INPUT RECORDS =
(* Let $F$ satisfy the standing assumption, let $A\colon X\rightrightarrows X^*$ be monotone, let $T_A=(A+F)^{-1}F$ be its $F$-resolvent, and let $T_{A^{-1}}=(A^{-1}+F^{-1})^{-1}F^{-1}$ be the $F^{-1}$-resolvent of $A^{-1}$. Then $\operatorname{dom}T_{A^{-1}}=F(\operatorname{ran}(A^{-1}+F^{-1}))$, and for every $x^*\in\operatorname{dom}T_{A^{-1}}$ and $y^*\in X^*$, $$y^*=T_{A^{-1}}x^*\iff y^*=F\Big(F^{-1}x^*-T_A\big(F^{-1}\big(y^*+F(F^{-1}x^*-F^{-1}y^* )\big)\big)\Big).$$
   Context: $X$ is a real reflexive Banach space with dual $X^*$ and pairing $\langle\cdot,\cdot\rangle$. Standing assumption: $F\colon X\to X^*$ is single-valued with full domain, maximal monotone, strictly monotone ($\langle x-y,Fx-Fy\rangle>0$ for $x\ne y$), 3*-monotone (for every $(x,x^* )\in X\times X^*$, $\sup_{y\in X}\langle x-y,Fy-x^*\rangle<+\infty$), and surjective (hence bijective, so $F^{-1}\colon X^*\to X$ is single-valued). Inverses of set-valued operators are graph inverses; $T_A$ and $T_{A^{-1}}$ are at most single-valued. *)

From Stdlib Require Import Reals Lra.
Open Scope R_scope.
Set Implicit Arguments.

Record NormedSpace := {
  carrier :> Type;
  vzero : carrier;
  vadd : carrier -> carrier -> carrier;
  vopp : carrier -> carrier;
  vscal : R -> carrier -> carrier;
  norm : carrier -> R;
  vaddA : forall x y z, vadd x (vadd y z) = vadd (vadd x y) z;
  vaddC : forall x y, vadd x y = vadd y x;
  vadd0 : forall x, vadd x vzero = x;
  vaddN : forall x, vadd x (vopp x) = vzero;
  vscalA : forall a b x, vscal a (vscal b x) = vscal (a * b) x;
  vscal1 : forall x, vscal 1 x = x;
  vscalDv : forall a x y, vscal a (vadd x y) = vadd (vscal a x) (vscal a y);
  vscalDs : forall a b x, vscal (a + b) x = vadd (vscal a x) (vscal b x);
  norm_ge0 : forall x, 0 <= norm x;
  norm_eq0 : forall x, norm x = 0 -> x = vzero;
  normZ : forall a x, norm (vscal a x) = Rabs a * norm x;
  normD : forall x y, norm (vadd x y) <= norm x + norm y
}.

Arguments vzero {n}.
Arguments vadd {n} _ _.
Arguments vopp {n} _.
Arguments vscal {n} _ _.
Arguments norm {n} _.
Definition vsub {X : NormedSpace} (x y : X) : X := vadd x (vopp y).

Definition complete (X : NormedSpace) : Prop :=
  forall u : nat -> X,
    (forall eps, 0 < eps -> exists N, forall m n, (N <= m)%nat -> (N <= n)%nat ->
        norm (vsub (u m) (u n)) < eps) ->
    exists l : X, forall eps, 0 < eps -> exists N, forall n, (N <= n)%nat ->
        norm (vsub (u n) l) < eps.

Record dual (X : NormedSpace) := {
  dfun :> X -> R;
  dadditive : forall x y, dfun (vadd x y) = dfun x + dfun y;
  dhomog : forall a x, dfun (vscal a x) = a * dfun x;
  dbounded : exists C, forall x, Rabs (dfun x) <= C * norm x
}.

Definition pairing {X : NormedSpace} (x : X) (f : dual X) : R := f x.

Section DualOps.
Variable X : NormedSpace.

Definition dadd (f g : dual X) : dual X.
Proof.
  refine {| dfun := fun x => f x + g x |}.
  - intros x y; rewrite (dadditive f), (dadditive g); ring.
  - intros a x; rewrite (dhomog f), (dhomog g); ring.
  - destruct (dbounded f) as [C1 H1]; destruct (dbounded g) as [C2 H2].
    exists (C1 + C2); intro x.
    eapply Rle_trans; [apply Rabs_triang|].
    specialize (H1 x); specialize (H2 x); nra.
Defined.

Definition dscal (a : R) (f : dual X) : dual X.
Proof.
  refine {| dfun := fun x => a * f x |}.
  - intros x y; rewrite (dadditive f); ring.
  - intros b x; rewrite (dhomog f); ring.
  - destruct (dbounded f) as [C H].
    exists (Rabs a * C); intro x.
    rewrite Rabs_mult. specialize (H x).
    assert (0 <= Rabs a) by apply Rabs_pos. nra.
Defined.

Definition dopp (f : dual X) : dual X := dscal (-1) f.
Definition dsub (f g : dual X) : dual X := dadd f (dopp g).
End DualOps.

(** Continuity of
    phi on X^* is written out: |phi f| <= C * M whenever M >= 0 bounds f,
    i.e. |phi f| <= C * ||f||_* . *)
Definition reflexive (X : NormedSpace) : Prop :=
  forall phi : dual X -> R,
    (forall f g, phi (dadd f g) = phi f + phi g) ->
    (forall a f, phi (dscal a f) = a * phi f) ->
    (exists C, forall (f : dual X) M, 0 <= M ->
        (forall x, Rabs (f x) <= M * norm x) -> Rabs (phi f) <= C * M) ->
    exists x : X, forall f : dual X, phi f = f x.

Definition setop (U V : Type) := U -> V -> Prop.

Definition fgraph (U V : Type) (f : U -> V) : setop U V := fun u v => v = f u.
Definition op_inv (U V : Type) (A : setop U V) : setop V U := fun v u => A u v.
Definition op_add (U V : Type) (addV : V -> V -> V) (A B : setop U V) : setop U V :=
  fun u v => exists a b, A u a /\ B u b /\ v = addV a b.
Definition op_comp (U V W : Type) (A : setop V W) (B : setop U V) : setop U W :=
  fun u w => exists v, B u v /\ A v w.
Definition dom (U V : Type) (A : setop U V) : U -> Prop := fun u => exists v, A u v.
Definition ran (U V : Type) (A : setop U V) : V -> Prop := fun v => exists u, A u v.
Definition image (U V : Type) (f : U -> V) (S : U -> Prop) : V -> Prop :=
  fun v => exists u, S u /\ v = f u.

Definition monotone (X : NormedSpace) (A : setop X (dual X)) : Prop :=
  forall x y xs ys, A x xs -> A y ys -> 0 <= pairing (vsub x y) (dsub xs ys).

Definition maximal_monotone (X : NormedSpace) (A : setop X (dual X)) : Prop :=
  monotone A /\
  forall x xs, (forall y ys, A y ys -> 0 <= pairing (vsub x y) (dsub xs ys)) -> A x xs.

Definition strictly_monotone (X : NormedSpace) (F : X -> dual X) : Prop :=
  forall x y, x <> y -> 0 < pairing (vsub x y) (dsub (F x) (F y)).

Definition three_star_monotone (X : NormedSpace) (F : X -> dual X) : Prop :=
  forall (x : X) (xs : dual X), exists M, forall y : X,
    pairing (vsub x y) (dsub (F y) xs) <= M.

Definition resolvent (X : NormedSpace) (F : X -> dual X) (A : setop X (dual X))
  : setop X X :=
  op_comp (op_inv (op_add (@dadd X) A (fgraph F))) (fgraph F).

(** F^{-1}-resolvent of A^{-1} : X^* => X  :  (A^{-1} + F^{-1})^{-1} F^{-1},
    where G = F^{-1} *)
Definition inv_resolvent (X : NormedSpace) (G : dual X -> X) (A : setop X (dual X))
  : setop (dual X) (dual X) :=
  op_comp (op_inv (op_add (@vadd X) (op_inv A) (fgraph G))) (fgraph G).

From Stdlib Require Import Reals Lra FunctionalExtensionality ProofIrrelevance.
Open Scope R_scope.

(* Both resolvents are unfolded into explicit graph conditions:
   - y* = T_{A^{-1}} x*  iff  the pair (F^{-1}x* - F^{-1}y*, y* ) is in gra A;
   - w  = T_A x          iff  the pair (w, F x - F w) is in gra A.
   With these two characterisations the theorem is pure bookkeeping in X and
   X^* : the domain formula says that x* is in the domain exactly when F^{-1}x*
   is in ran(A^{-1} + F^{-1}), and for the equivalence one takes
   w = F^{-1}x* - F^{-1}y*, so that F(F^{-1}x* - w) = y* and the F-resolvent
   condition at F^{-1}(y* + F w) reduces to (w, y* ) being in gra A.
   Only the bijectivity of F (with inverse G) is used. *)

Lemma dual_ext (X : NormedSpace) (f g : dual X) : (forall x, f x = g x) -> f = g.
Proof.
  destruct f as [f fa fh fb], g as [g ga gh gb]; simpl; intro Hfg.
  assert (f = g) by (apply functional_extensionality; exact Hfg).
  subst g; f_equal; apply proof_irrelevance.
Qed.

Lemma dadd_cancel_r (X : NormedSpace) (f g h : dual X) :
  dadd f h = dadd g h -> f = g.
Proof.
  intro Hsum; apply dual_ext; intro x.
  assert (Hx := f_equal (fun k : dual X => k x) Hsum); simpl in Hx; lra.
Qed.

Lemma vadd_eq_vsub (X : NormedSpace) (a b c : X) : vadd a b = c <-> a = vsub c b.
Proof.
  unfold vsub; split; intro Heq.
  - rewrite <- Heq, <- vaddA, vaddN, vadd0; reflexivity.
  - subst a; rewrite <- vaddA, (vaddC _ (vopp b)), vaddN, vadd0; reflexivity.
Qed.

Lemma vsub_vsub (X : NormedSpace) (x y : X) : vsub x (vsub x y) = y.
Proof.
  symmetry; apply vadd_eq_vsub; rewrite vaddC; apply vadd_eq_vsub; reflexivity.
Qed.

Lemma inv_resolvent_graph (X : NormedSpace) (G : dual X -> X)
  (A : setop X (dual X)) (xs ys : dual X) :
  inv_resolvent G A xs ys <-> A (vsub (G xs) (G ys)) ys.
Proof.
  split.
  - intros [v [Hv [a [b [Ha [Hb Hsum]]]]]].
    unfold fgraph in Hv, Hb; subst v b.
    replace (vsub (G xs) (G ys)) with a; [exact Ha|].
    apply vadd_eq_vsub; symmetry; exact Hsum.
  - intro Ha; exists (G xs); split; [reflexivity|].
    exists (vsub (G xs) (G ys)), (G ys); repeat split; [exact Ha|].
    symmetry; apply vadd_eq_vsub; reflexivity.
Qed.

Lemma resolvent_graph (X : NormedSpace) (F : X -> dual X)
  (A : setop X (dual X)) (x w : X) :
  resolvent F A x w <-> exists a, A w a /\ F x = dadd a (F w).
Proof.
  split.
  - intros [v [Hv [a [b [Ha [Hb Hsum]]]]]].
    unfold fgraph in Hv, Hb; subst v b; exists a; auto.
  - intros [a [Ha Hsum]]; exists (F x); split; [reflexivity|].
    exists a, (F w); repeat split; auto.
Qed.

Lemma dom_comp_fgraph (U V W : Type) (g : U -> V) (S : setop W V) (u : U) :
  dom (op_comp (op_inv S) (fgraph g)) u <-> ran S (g u).
Proof.
  split.
  - intros [w [v [Hv HS]]]; unfold fgraph in Hv; subst v; exists w; exact HS.
  - intros [w HS]; exists w, (g u); split; [reflexivity | exact HS].
Qed.

Lemma image_bij (U V : Type) (f : U -> V) (g : V -> U)
  (Hfg : forall v, f (g v) = v) (Hgf : forall u, g (f u) = u)
  (P : U -> Prop) (v : V) :
  image f P v <-> P (g v).
Proof.
  split.
  - intros [u [Hu Hv]]; subst v; rewrite Hgf; exact Hu.
  - intro Hv; exists (g v); split; [exact Hv | symmetry; apply Hfg].
Qed.

Theorem theorem7p1
  (X : NormedSpace) (HXc : complete X) (HXr : reflexive X)
  (F : X -> dual X)
  (HFmax : maximal_monotone (fgraph F))
  (HFstr : strictly_monotone F)
  (HF3 : three_star_monotone F)
  (HFsurj : forall xs : dual X, exists x : X, F x = xs)
  (G : dual X -> X)
  (HGr : forall xs : dual X, F (G xs) = xs)
  (HGl : forall x : X, G (F x) = x)
  (A : setop X (dual X)) (HA : monotone A) :
  (forall xs : dual X,
      dom (inv_resolvent G A) xs <->
      image F (ran (op_add (@vadd X) (op_inv A) (fgraph G))) xs)
  /\
  (forall xs : dual X, dom (inv_resolvent G A) xs ->
   forall ys : dual X,
     inv_resolvent G A xs ys <->
     exists w : X,
       resolvent F A (G (dadd ys (F (vsub (G xs) (G ys))))) w /\
       ys = F (vsub (G xs) w)).
Proof.
  split.
  - intro xs; unfold inv_resolvent.
    rewrite dom_comp_fgraph, (@image_bij _ _ F G HGr HGl); reflexivity.
  - intros xs _ ys; rewrite inv_resolvent_graph; split.
    +
      intro Hgraph; exists (vsub (G xs) (G ys)); split.
      * apply resolvent_graph; exists ys; rewrite HGr; auto.
      * rewrite vsub_vsub, HGr; reflexivity.
    + intros [w [Hres Hys]].
      assert (Hw : w = vsub (G xs) (G ys)).
      { rewrite Hys, HGl, vsub_vsub; reflexivity. }
      subst w; apply resolvent_graph in Hres.
      destruct Hres as [a [Ha Hsum]]; rewrite HGr in Hsum.
      apply dadd_cancel_r in Hsum; subst a; exact Ha.
Qed.
Definition transp (T : eqType) (a b z : T) := if z == a then b else if z == b then a else z.

Lemma transpK (T : eqType) (a b : T) : involutive (transp a b).
Proof.
move=> z; rewrite /transp.
case: (eqVneq z a) => [->|za]; first by rewrite eqxx; case: (eqVneq b a) => [->|_]; rewrite ?eqxx.
case: (eqVneq z b) => [->|zb]; first by rewrite eqxx.
by rewrite (negbTE za) (negbTE zb).
Qed.

Fixpoint bitseqs (n : nat) : seq (seq bool) :=
  if n is n'.+1 then map (cons true) (bitseqs n') ++ map (cons false) (bitseqs n')
  else [:: [::]].

Lemma mem_bitseqs n p : (p \in bitseqs n) = (size p == n).
Proof.
elim: n p => [|n IHn] [|b p] //=; rewrite mem_cat.
  by apply/negP => /orP[] /mapP[].
have cons_inj (c : bool) : injective (cons c) by move=> ? ? [].
by case: b; rewrite (mem_map (cons_inj _)) IHn eqSS; [apply/orb_idr | apply/orb_idl];
  case/mapP.
Qed.

Definition of_weight k := [seq p <- bitseqs 5 | count id p == k].

(* Bit i of a word is the profile bit of the i-th point; [separating F] lists the
   disagreements that [profile_insert2] produces: both ways between non-adjacent
   positions, some way between adjacent ones. *)
Definition separating (F : seq (seq bool)) : bool :=
  all (fun a => all (fun b => (a.+2 <= b) ==>
         all (fun s => has (fun p => (nth false p a == s) && (nth false p b == ~~ s)) F)
             [:: true; false]) (iota 0 5)) (iota 0 5)
  && all (fun a => has (fun p => nth false p a != nth false p a.+1) F) (iota 0 4).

EXERCISE = Tally how many lines include "true" in the listing above; reply with the number only.

COMPLETED EXERCISE = 2